▶ [Problem details]
Scan the material below for lines with the word "insubd" and reply with how many there are, nothing else.

▶ [Data excerpts]
(* Let $G$ be a finite connected graph and $v$ a vertex of valence two whose two adjacent edges $e_1\neq e_2$ are distinct. Let $G^v$ be the graph obtained by replacing the segment $e_1ve_2$ by a single new edge $e_v$ (so $V(G^v)=V(G)\setminus\{v\}$, $E(G^v)=\{e_v\}\cup E(G)\setminus\{e_1,e_2\}$, with $e_v$ joining the endpoints of $e_1,e_2$ other than $v$). Then $\mathrm{cX}(G)$ and $\mathrm{cX}(G^v)$ are homotopy equivalent.
   Context: Graphs may have loops and multiple edges; subgraphs are edge-induced. $\mathrm{cX}(G)$ is the poset, under inclusion, of proper connected subgraphs $H\neq G$ of $G$ with non-trivial fundamental group. Topological properties of posets refer to geometric realisations of order complexes. *)

From Stdlib Require Import Reals.
From mathcomp Require Import all_boot.
Set Implicit Arguments. Unset Strict Implicit. Unset Printing Implicit Defensive.

(* Each edge e has endpoints src e and tgt e (the orientation is irrelevant;
   a loop has src e = tgt e). *)
Record graph := Graph {
  gV : finType;
  gE : finType;
  src : gE -> gV;
  tgt : gE -> gV }.

Section GraphDefs.
Variable G : graph.

Definition incident (e : gE G) (x : gV G) : bool := (src e == x) || (tgt e == x).

(* valence: a loop counts twice *)
Definition valence (x : gV G) : nat :=
  \sum_(e : gE G) ((src e == x) + (tgt e == x)).

(* the endpoint of e other than x (meaningful when e is incident to x) *)
Definition other_end (e : gE G) (x : gV G) : gV G :=
  if src e == x then tgt e else src e.

Definition adj_in (S : {set gE G}) : rel (gV G) :=
  fun x y => [exists e in S, ((src e == x) && (tgt e == y)) ||
                             ((src e == y) && (tgt e == x))].

Definition connected_graph : Prop :=
  (0 < #|gV G|) /\ forall x y : gV G, connect (adj_in [set: gE G]) x y.

Definition sub_vertices (S : {set gE G}) : {set gV G} :=
  [set x | [exists e in S, incident e x]].

Definition sub_connected (S : {set gE G}) : bool :=
  (0 < #|sub_vertices S|) &&
  [forall x in sub_vertices S, forall y in sub_vertices S, connect (adj_in S) x y].

(* rank of the (free) fundamental group of a connected graph: |E| - |V| + 1 *)
Definition pi1_rank (S : {set gE G}) : nat := #|S| + 1 - #|sub_vertices S|.

(* cX(G): proper connected edge-induced subgraphs with nontrivial pi_1,
   represented by their edge sets; ordered by inclusion. *)
Definition cX : pred {set gE G} :=
  fun S => [&& S \proper [set: gE G], sub_connected S & 0 < pi1_rank S].

End GraphDefs.

(* G^v : vertices {x | x != v}; edges: None = the new edge e_v,
   Some e for e not in {e1, e2}.  a', b' are the far endpoints of e1, e2. *)
Section Smooth.
Variables (G : graph) (v : gV G) (e1 e2 : gE G) (a' b' : {x : gV G | x != v}).

Definition smV : finType := {x : gV G | x != v}.
Definition smE : finType := option {e : gE G | e \notin [set e1; e2]}.

Definition sm_src (f : smE) : smV :=
  match f with None => a' | Some e => insubd a' (src (val e)) end.
Definition sm_tgt (f : smE) : smV :=
  match f with None => b' | Some e => insubd a' (tgt (val e)) end.

Definition smooth : graph := @Graph smV smE sm_src sm_tgt.
End Smooth.

Local Open Scope R_scope.

(* |Delta(P)| for the subposet P of (T, le): points x : T -> R, x >= 0,
   supported on P, summing to 1, with support a chain.  Topology: subspace of R^T. *)
Definition realization (T : finType) (P : pred T) (le : rel T) (x : T -> R) : Prop :=
  (forall t, 0 <= x t) /\ (forall t, ~~ P t -> x t = 0) /\
  \big[Rplus/0]_(t : T) x t = 1 /\
  (forall s t, 0 < x s -> 0 < x t -> le s t \/ le t s).

Definition maps_into (I J : finType) (A : (I -> R) -> Prop) (B : (J -> R) -> Prop)
  (f : (I -> R) -> (J -> R)) : Prop := forall x, A x -> B (f x).

Definition continuous_on (I J : finType) (A : (I -> R) -> Prop)
  (f : (I -> R) -> (J -> R)) : Prop :=
  forall x, A x -> forall eps, 0 < eps -> exists delta, 0 < delta /\
    forall y, A y -> (forall i, Rabs (y i - x i) < delta) ->
      forall j, Rabs (f y j - f x j) < eps.

Definition homotopic (I J : finType) (A : (I -> R) -> Prop) (B : (J -> R) -> Prop)
  (f g : (I -> R) -> (J -> R)) : Prop :=
  exists H : R -> (I -> R) -> (J -> R),
    (forall t x, 0 <= t <= 1 -> A x -> B (H t x)) /\
    (forall t x, 0 <= t <= 1 -> A x -> forall eps, 0 < eps -> exists delta, 0 < delta /\
       forall s y, 0 <= s <= 1 -> A y -> Rabs (s - t) < delta ->
         (forall i, Rabs (y i - x i) < delta) ->
         forall j, Rabs (H s y j - H t x j) < eps) /\
    (forall x, A x -> H 0 x = f x) /\ (forall x, A x -> H 1 x = g x).
Theorem lemmaL (d : nat) (hd : (1 <= d)%nat) :
  exists G : nat -> R -> R, (forall j, GammaDer j (G j)) /\
  exists C : R, exists N : nat, forall n : nat, (N <= n)%nat ->
    exists v, iter_int d (Ihat_integrand d n) v /\
      Rabs (v - (ln (INR n)) ^ (d - 1) *
              sum_f_R0 (fun j => (-1) ^ j * G j (INR d)
                                 / (INR (fact j) * INR (fact (d - 1 - j)))
                                 / (ln (INR n)) ^ j) (d - 1))
      <= C * (INR n * ln (INR n)) ^ (d - 1) * exp (- INR n).
Proof.
  exists Gamma_deriv. split; [exact GammaDer_Gamma_deriv|].
  exists (2 * INR d), (4 * d + 3)%nat. intros n Hn.
  assert (HnR : 4 * INR d + 3 <= INR n)
    by (replace (4 * INR d + 3) with (INR (4 * d + 3)) by (rewrite plus_INR, mult_INR; simpl; ring);
        apply le_INR, Hn).
  assert (Hn1 : (1 <= n)%nat) by lia.
  pose proof (pos_INR d).
  assert (HL : 1 <= ln (INR n))
    by (rewrite <- (ln_exp 1); apply ln_le; [apply exp_pos | pose proof exp_le_3; lra]).
  exists (Nat.iter d mean0 (Ihat_profile d n) 1). split; [apply iter_int_Ihat_integrand|].
  rewrite iter_mean0_Ihat_profile_1, expansion_eq_sum by (try assumption; lra).
  eapply Rle_trans.
  - apply (abs_expansion_sub_le _ _ _ _ (2 * (INR n ^ (d - 1) * exp (- INR n)))); [lra|].
    intros i Hi.
    replace (ln (INR n) ^ i * (2 * (INR n ^ (d - 1) * exp (- INR n))))
      with (2 * (ln (INR n) ^ i * (INR n ^ (d - 1) * exp (- INR n)))) by ring.
    rewrite <- (exp_tail_at_ln d n hd Hn1).
    apply abs_lower_Gamma_deriv_sub_Gamma_deriv; [| exact HL | rewrite exp_ln; lra].
    apply le_INR in Hi. rewrite minus_INR in Hi by exact hd. simpl in Hi. lra.
  - replace (S (d - 1)) with d by lia. rewrite Rpow_mult_distr. right. ring.
Qed.
(* For all $X_1,X_3\in\{I,S,H\}$, the hybrid evaluators $X_1SX_3\mathbin{\Diamond}ISI$ and $X_1SX_3\mathbin{\Diamond}ISS$ are not one-step equivalent: there is a term (e.g. $((\lambda x.B)(x\,R))\,N$ with $R$ a redex) on which their evaluation sequences differ. In particular $HSS\mathbin{\Diamond}ISI$ and $HSS\mathbin{\Diamond}ISS$ (ahead machine), and $HSH\mathbin{\Diamond}ISI$ and $HSH\mathbin{\Diamond}ISS$ (strict normalisation), are not one-step equivalent.
   Context: Terms: $\Lambda ::= x\mid\lambda x.\Lambda\mid\Lambda\Lambda$; $[N/x]B$ is capture-avoiding substitution; a redex is a term $(\lambda x.B)N$. An evaluator is a partial function $\Lambda\rightharpoonup\Lambda$ defined by inference rules; $\mathrm{id}$ is the identity. Eval-apply template: given evaluators $la,op_1,ar_1,op_2,ar_2$ (possibly $ea$ itself), $ea$ is defined by (var) $ea(x)=x$; (abs) $ea(\lambda x.B)=\lambda x.B'$ if $la(B)=B'$; (con) $ea(MN)=B'$ if $op_1(M)=\lambda x.B$, $ar_1(N)=N'$, $ea([N'/x]B)=B'$; (neu) $ea(MN)=M''N'$ if $op_1(M)=M'$, $M'$ not an abstraction, $op_2(M')=M''$, $ar_2(N)=N'$. Premises are evaluated left to right; the evaluation sequence is the sequence of reduction steps of the whole term given by the (con) contractions (including those inside subsidiary calls) in in-order traversal of the derivation. Two evaluators are one-step equivalent iff they produce the same evaluation sequence on every term. Uniform evaluator $XYZ\in\{I,S\}^3$: $op_1=ea$, $op_2=\mathrm{id}$, and $la$, $ar_1$, $ar_2$ equal to $ea$ itself when the letter is $S$ and $\mathrm{id}$ when it is $I$. Hybrid evaluator $X_1X_2X_3\mathbin{\Diamond}Y_1Y_2Y_3$ ($X_i\in\{I,S,H\}$): with subsidiary $su$ the uniform evaluator $Y_1Y_2Y_3$, it is the instance $hy$ of the template with $op_1=su$, $op_2=hy$, and $la$, $ar_1$, $ar_2$ equal to $\mathrm{id}$, $su$, or $hy$ according as $X_1$, $X_2$, $X_3$ is $I$, $S$, or $H$. *)

From Stdlib Require Import Arith List.
Import ListNotations.

Inductive term : Type :=
| Var : nat -> term
| Lam : term -> term
| App : term -> term -> term.

Fixpoint lift (d c : nat) (t : term) : term :=
  match t with
  | Var n => if Nat.ltb n c then Var n else Var (n + d)
  | Lam b => Lam (lift d (S c) b)
  | App a b => App (lift d c a) (lift d c b)
  end.

(* capture-avoiding substitution of s for variable k in t
   (variables above k are decremented: the binder is consumed) *)
Fixpoint subst (s : term) (k : nat) (t : term) : term :=
  match t with
  | Var n => if Nat.ltb n k then Var n
             else if Nat.eqb n k then lift k 0 s else Var (n - 1)
  | Lam b => Lam (subst s (S k) b)
  | App a b => App (subst s k a) (subst s k b)
  end.

Definition subst0 (N B : term) : term := subst N 0 B.

Definition is_abs (t : term) : bool :=
  match t with Lam _ => true | _ => false end.

Inductive IS := I_ | S_.
Inductive ISH := Ih | Sh | Hh.

Inductive tname : Type :=
| Uni (y1 y2 y3 : IS)
| Hyb (x1 x2 x3 : ISH) (y1 y2 y3 : IS).

Inductive ename : Type :=
| EId
| ET (e : tname).

Definition of_IS (y : IS) (self : ename) : ename :=
  match y with I_ => EId | S_ => self end.

Definition of_ISH (x : ISH) (su self : ename) : ename :=
  match x with Ih => EId | Sh => su | Hh => self end.

Definition la (e : tname) : ename :=
  match e with
  | Uni y1 _ _ => of_IS y1 (ET e)
  | Hyb x1 _ _ y1 y2 y3 => of_ISH x1 (ET (Uni y1 y2 y3)) (ET e)
  end.
Definition op1 (e : tname) : ename :=
  match e with
  | Uni _ _ _ => ET e
  | Hyb _ _ _ y1 y2 y3 => ET (Uni y1 y2 y3)
  end.
Definition ar1 (e : tname) : ename :=
  match e with
  | Uni _ y2 _ => of_IS y2 (ET e)
  | Hyb _ x2 _ y1 y2 y3 => of_ISH x2 (ET (Uni y1 y2 y3)) (ET e)
  end.
Definition op2 (e : tname) : ename :=
  match e with
  | Uni _ _ _ => EId
  | Hyb _ _ _ _ _ _ => ET e
  end.
Definition ar2 (e : tname) : ename :=
  match e with
  | Uni _ _ y3 => of_IS y3 (ET e)
  | Hyb _ _ x3 y1 y2 y3 => of_ISH x3 (ET (Uni y1 y2 y3)) (ET e)
  end.

(* A reduction step of the whole term: (before, after). *)
Definition step := (term * term)%type.

(* [eval e C t v tr]: evaluator e maps t to v, where t sits in the
   whole-term context C (a one-hole context, as a plugging function),
   and tr is the sequence of whole-term reduction steps performed by the
   (con) contractions of the derivation, in in-order (left-to-right)
   traversal. *)
Inductive eval : ename -> (term -> term) -> term -> term -> list step -> Prop :=
| ev_id : forall C t, eval EId C t t []
| ev_var : forall e C n, eval (ET e) C (Var n) (Var n) []
| ev_abs : forall e C B B' tr,
    eval (la e) (fun u => C (Lam u)) B B' tr ->
    eval (ET e) C (Lam B) (Lam B') tr
| ev_con : forall e C M N B N' B' tr1 tr2 tr3,
    eval (op1 e) (fun u => C (App u N)) M (Lam B) tr1 ->
    eval (ar1 e) (fun u => C (App (Lam B) u)) N N' tr2 ->
    eval (ET e) C (subst0 N' B) B' tr3 ->
    eval (ET e) C (App M N) B'
         (tr1 ++ tr2 ++ (C (App (Lam B) N'), C (subst0 N' B)) :: tr3)
| ev_neu : forall e C M N M' M'' N' tr1 tr2 tr3,
    eval (op1 e) (fun u => C (App u N)) M M' tr1 ->
    is_abs M' = false ->
    eval (op2 e) (fun u => C (App u N)) M' M'' tr2 ->
    eval (ar2 e) (fun u => C (App M'' u)) N N' tr3 ->
    eval (ET e) C (App M N) (App M'' N') (tr1 ++ tr2 ++ tr3).

Definition evaluates (e : tname) (t v : term) (tr : list step) : Prop :=
  eval (ET e) (fun u => u) t v tr.

(* The hybrid evaluator hands the operator of an application to its
   subsidiary.  On the operator [(\x.x) (y R)] of the witness
   [(\x.x) (y R) z], with [R = (\x.x)(\x.x)], the subsidiary [ISI]
   leaves the argument of the neutral term [y R] alone and so first
   contracts the outer redex, whereas [ISS] reduces inside [y R] and
   so first contracts [R].  Hence the two evaluation sequences already
   differ in their first step, whatever the letters [X1 X2 X3]. *)
From Stdlib Require Import Arith List.
Import ListNotations.

Definition idt : term := Lam (Var 0).
Definition redex_idt : term := App idt idt.
Definition witness : term := App (App idt (App (Var 0) redex_idt)) (Var 1).

Lemma lift_0 (t : term) (c : nat) : lift 0 c t = t.
Proof.
  revert c; induction t as [n | b IHb | a IHa b IHb]; intros c; cbn [lift].
  - destruct (n <? c); [reflexivity | now rewrite Nat.add_0_r].
  - now rewrite IHb.
  - now rewrite IHa, IHb.
Qed.

Lemma subst0_var0 (N : term) : subst0 N (Var 0) = N.
Proof. apply lift_0. Qed.

Lemma eval_var (e : ename) (C : term -> term) (n : nat) :
  eval e C (Var n) (Var n) [].
Proof. destruct e; constructor. Qed.

Lemma eval_lam_var (e : ename) (C : term -> term) (n : nat) :
  eval e C (Lam (Var n)) (Lam (Var n)) [].
Proof. destruct e; [constructor | apply ev_abs, eval_var]. Qed.

Lemma eval_app_idt (e : tname) (C : term -> term) (N N' V : term)
    (tr1 tr2 : list step) :
  eval (ar1 e) (fun u => C (App idt u)) N N' tr1 ->
  eval (ET e) C N' V tr2 ->
  eval (ET e) C (App idt N) V (tr1 ++ (C (App idt N'), C N') :: tr2).
Proof.
  intros HN HV.
  pose proof (ev_con e C idt N (Var 0) N' V [] tr1 tr2 (eval_lam_var _ _ 0) HN)
    as Hcon.
  rewrite subst0_var0 in Hcon.
  exact (Hcon HV).
Qed.

Lemma eval_app_var (e : tname) (C : term -> term) (n : nat) (N N' : term)
    (tr : list step) :
  eval (ar2 e) (fun u => C (App (Var n) u)) N N' tr ->
  eval (ET e) C (App (Var n) N) (App (Var n) N') tr.
Proof.
  intros HN.
  exact (ev_neu e C (Var n) N (Var n) (Var n) N' [] [] tr
           (eval_var _ _ _) eq_refl (eval_var _ _ _) HN).
Qed.

Lemma eval_app_to_var (e : tname) (C : term -> term) (M M' M'' : term)
    (n : nat) (tr1 tr2 : list step) :
  eval (op1 e) (fun u => C (App u (Var n))) M M' tr1 ->
  is_abs M' = false ->
  eval (op2 e) (fun u => C (App u (Var n))) M' M'' tr2 ->
  eval (ET e) C (App M (Var n)) (App M'' (Var n)) (tr1 ++ tr2).
Proof.
  intros HM Hneu HM'.
  pose proof (ev_neu e C M (Var n) M' M'' (Var n) tr1 tr2 [] HM Hneu HM'
                (eval_var _ _ _)) as H.
  now rewrite app_nil_r in H.
Qed.

Lemma eval_redex_idt (e : tname) (C : term -> term) :
  eval (ET e) C redex_idt idt [(C redex_idt, C idt)].
Proof. exact (eval_app_idt e C idt idt idt [] [] (eval_lam_var _ _ 0)
                (eval_lam_var _ _ 0)). Qed.

Definition evaluable (t : term) : Prop :=
  forall (e : ename) (C : term -> term), exists v tr, eval e C t v tr.

Lemma evaluable_idt : evaluable idt.
Proof. intros e C; exists idt, []; apply eval_lam_var. Qed.

Lemma evaluable_redex_idt : evaluable redex_idt.
Proof.
  intros [| e] C.
  - exists redex_idt, []; constructor.
  - exists idt, [(C redex_idt, C idt)]; apply eval_redex_idt.
Qed.

Lemma uni_ISI_operator (y1 : IS) (C : term -> term) (n : nat) :
  eval (ET (Uni y1 S_ I_)) C (App idt (App (Var n) redex_idt))
       (App (Var n) redex_idt)
       [(C (App idt (App (Var n) redex_idt)), C (App (Var n) redex_idt))].
Proof.
  apply (eval_app_idt _ C _ _ _ [] []); apply eval_app_var; constructor.
Qed.

Lemma uni_ISS_operator (y1 : IS) (C : term -> term) (n : nat) :
  eval (ET (Uni y1 S_ S_)) C (App idt (App (Var n) redex_idt))
       (App (Var n) idt)
       [(C (App idt (App (Var n) redex_idt)), C (App idt (App (Var n) idt)));
        (C (App idt (App (Var n) idt)), C (App (Var n) idt))].
Proof.
  apply (eval_app_idt _ C _ _ _ [_] []); apply eval_app_var.
  - apply eval_redex_idt.
  - apply eval_lam_var.
Qed.

Lemma hybrid_app_to_var (x1 x2 x3 : ISH) (y1 y2 y3 : IS) (M R : term)
    (n m : nat) (tr : list step) :
  evaluable R ->
  eval (ET (Uni y1 y2 y3)) (fun u => App u (Var m)) M (App (Var n) R) tr ->
  exists v tr', evaluates (Hyb x1 x2 x3 y1 y2 y3) (App M (Var m)) v (tr ++ tr').
Proof.
  intros HR HM.
  destruct (HR (ar2 (Hyb x1 x2 x3 y1 y2 y3))
               (fun u => App (App (Var n) u) (Var m))) as [R' [trR HR']].
  exists (App (App (Var n) R') (Var m)), trR.
  exact (eval_app_to_var (Hyb x1 x2 x3 y1 y2 y3) (fun u => u) _ _ _ _ _ _ HM eq_refl
           (eval_app_var _ _ _ _ _ _ HR')).
Qed.

Theorem mainTheorem8 :
  forall x1 x3 : ISH,
    exists (t v1 v2 : term) (tr1 tr2 : list step),
      evaluates (Hyb x1 Sh x3 I_ S_ I_) t v1 tr1 /\
      evaluates (Hyb x1 Sh x3 I_ S_ S_) t v2 tr2 /\
      tr1 <> tr2.
Proof.
  intros x1 x3.
  destruct (hybrid_app_to_var x1 Sh x3 I_ S_ I_ _ _ 0 1 _ evaluable_redex_idt
              (uni_ISI_operator I_ _ 0)) as [v1 [tr1 H1]].
  destruct (hybrid_app_to_var x1 Sh x3 I_ S_ S_ _ _ 0 1 _ evaluable_idt
              (uni_ISS_operator I_ _ 0)) as [v2 [tr2 H2]].
  exists witness, v1, v2; do 2 eexists.
  split; [exact H1 | split; [exact H2 |]].
  intros Heq; inversion Heq.
Qed.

▶ [Solution for this problem]
2